Re: [PATCH 2/2] PCI: Do not wait for disconnected devices when resuming

From: Ilpo Järvinen
Date: Tue Jan 30 2024 - 08:22:07 EST


On Mon, 29 Jan 2024, Bjorn Helgaas wrote:

> On Mon, Jan 29, 2024 at 01:27:10PM +0200, Ilpo Järvinen wrote:
> > On runtime resume, pci_dev_wait() is called:
> > pci_pm_runtime_resume()
> > pci_pm_bridge_power_up_actions()
> > pci_bridge_wait_for_secondary_bus()
> > pci_dev_wait()
> >
> > While a device is runtime suspended along with its PCIe hierarchy, the
> > device could get disconnected. In such case, the link will not come up
> > no matter how log pci_dev_wait() waits for it.
>
> s/PCIe/PCI/ (unless this is a PCIe-specific thing)
> s/log/long/
>
> > Besides the above mentioned case, there could be other ways to get the
> > device disconnected while pci_dev_wait() is waiting for the link to
> > come up.
> >
> > Make pci_dev_wait() to exit if the device is already disconnected to
> > avoid unnecessary delay. As disconnected device is not really even a
> > failure in the same sense as link failing to come up for whatever
> > reason, return 0 instead of errno.
>
> The device being disconnected is not the same as a link failure.

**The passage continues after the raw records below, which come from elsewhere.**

(* When [ip x y] is odd, the non-pendant vertices form a single path: the
   track of parity 1 from level 0 to level [N], the closing edge, then the
   track of parity 0 from level 0 to level [N].  [rank_at] is the position
   along that path; the pendant middle vertices (blocks with [x_i = false])
   come last. *)
Definition rank_at (i r : nat) : nat :=
  if (1 < r) && ~~ bit x i then (4 * N).+2
  else 2 * i + (1 < r) + (if parity i (+) odd r then 0 else (2 * N).+1).

Definition parent (h : nat) : nat := parent_at (h %/ 4) (h %% 4).
Definition rank (h : nat) : nat := rank_at (h %/ 4) (h %% 4).

Lemma parentE i r : r < 4 -> parent (vert i r) = parent_at i r.
Proof. exact: decode4. Qed.

Lemma rankE i r : r < 4 -> rank (vert i r) = rank_at i r.
Proof. exact: decode4. Qed.

Lemma odd_edge_parent e : parity N -> e \in graph ->
  exists h, [/\ h <= n', parent h <= n', e = E2 (parent h) h & rank (parent h) < rank h].
Proof.
move=> parity_N; rewrite inE => /orP [] /imsetP [o _ ->]; last first.
  case: o => i s; rewrite /bob_edge /= -(bitE y); move: (ltn_ord i) => lt_iN.
  case xi: (x i); rewrite -(bitE x) in xi.
    exists (vert i.+1 (s (+) bit y i)).
    rewrite parentE ?rankE ?bool_lt4 // /parent_at /= bool_le1 xi oddb.
    rewrite rankE ?mid_lt4 // /rank_at mid_gt1 bool_le1 xi /= parityS xi /= oddb.
    by case: s (bit y i) (parity i) => -[] [] /=; split => //; lia.
  exists (vert i (2 + s)).
  rewrite parentE ?rankE ?mid_lt4 // /parent_at mid_gt1 xi odd_mid.
  rewrite rankE ?bool_lt4 // /rank_at mid_gt1 bool_le1 xi /= E2C.
  by case: s (bit y i) (parity i.+1) => -[] [] /=; split => //; lia.
rewrite /alice_edge; case: o => [[i s]|]; last first.
  exists (vert 0 0); rewrite parentE // rankE // /parent_at /= rankE // /rank_at.
  by rewrite /= parity0 parity_N E2C /=; split => //; lia.
rewrite -(bitE x); move: (ltn_ord i) => lt_iN; case xi: (bit x i).
  exists (vert i (2 + s)); rewrite parentE ?rankE ?mid_lt4 // /parent_at mid_gt1 xi odd_mid.
  rewrite rankE ?bool_lt4 // /rank_at mid_gt1 bool_le1 xi oddb odd_mid /=.
  by case: s (parity i) => -[] /=; split => //; lia.
exists (vert i.+1 s); rewrite parentE ?rankE ?bool_lt4 // /parent_at bool_le1 /= xi.
rewrite rankE ?bool_lt4 // /rank_at bool_le1 /= parityS xi /=.
by case: s (parity i) => -[] /=; split => //; lia.
Qed.

Lemma odd_acyclic : odd (ip x y) -> ~ has_cycle graph.
Proof.
rewrite -parityN => parity_N.
apply: (@forest_acyclic _ _ (fun v => rank v) (fun v => vtx (parent v))).
move=> e /(odd_edge_parent parity_N) [h [h_le p_le -> lt_rank]].
by exists (vtx h); rewrite /= !vtxK.
Qed.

This we agree and it's what I tried to write above.

> Do
> all the callers do the right thing if pci_dev_wait() returns success
> when there's no device there?

It's a bit complicated. I honestly don't know what is the best approach
here so I'm very much open to your suggestion what would be preferrable.

There are two main use cases (more than two callers but they seem boil
down to two use cases).

One use case is reset related functions and those would probably prefer to
have error returned if the wait, and thus reset, failed.

Then the another is wait for buses, that is,
pci_bridge_wait_for_secondary_bus() which return 0 if there's no device
(wait successful). For it, it would make sense to return 0 also when
device is disconnected because it seems analoguous to the case where
there's no device in the first place.

Perhaps it would be better to return -ENOTTY from pci_dev_wait() and check
for that disconnected condition inside
pci_bridge_wait_for_secondary_bus()? To further complicate things,
however, DPC also depends on the return value of
pci_bridge_wait_for_secondary_bus() and from its perspective, returning
error when there is a device that is disconnected might be the desirable
alternative (but I'm not fully sure how everything in DPC works but I
highly suspect I'm correct here).

Either way, the fix itself does care and seemed to work regardless of the
actual value returned by pci_dev_wait().

> > Also make sure compiler does not become too clever with
> > dev->error_state and use READ_ONCE() to force a fetch for the
> > up-to-date value.
>
> I think we should have a comment there to say why READ_ONCE() is
> needed. Otherwise it's hard to know whether a future change might
> make it unnecessary.

Sure, I'll add a comment there.

--
i.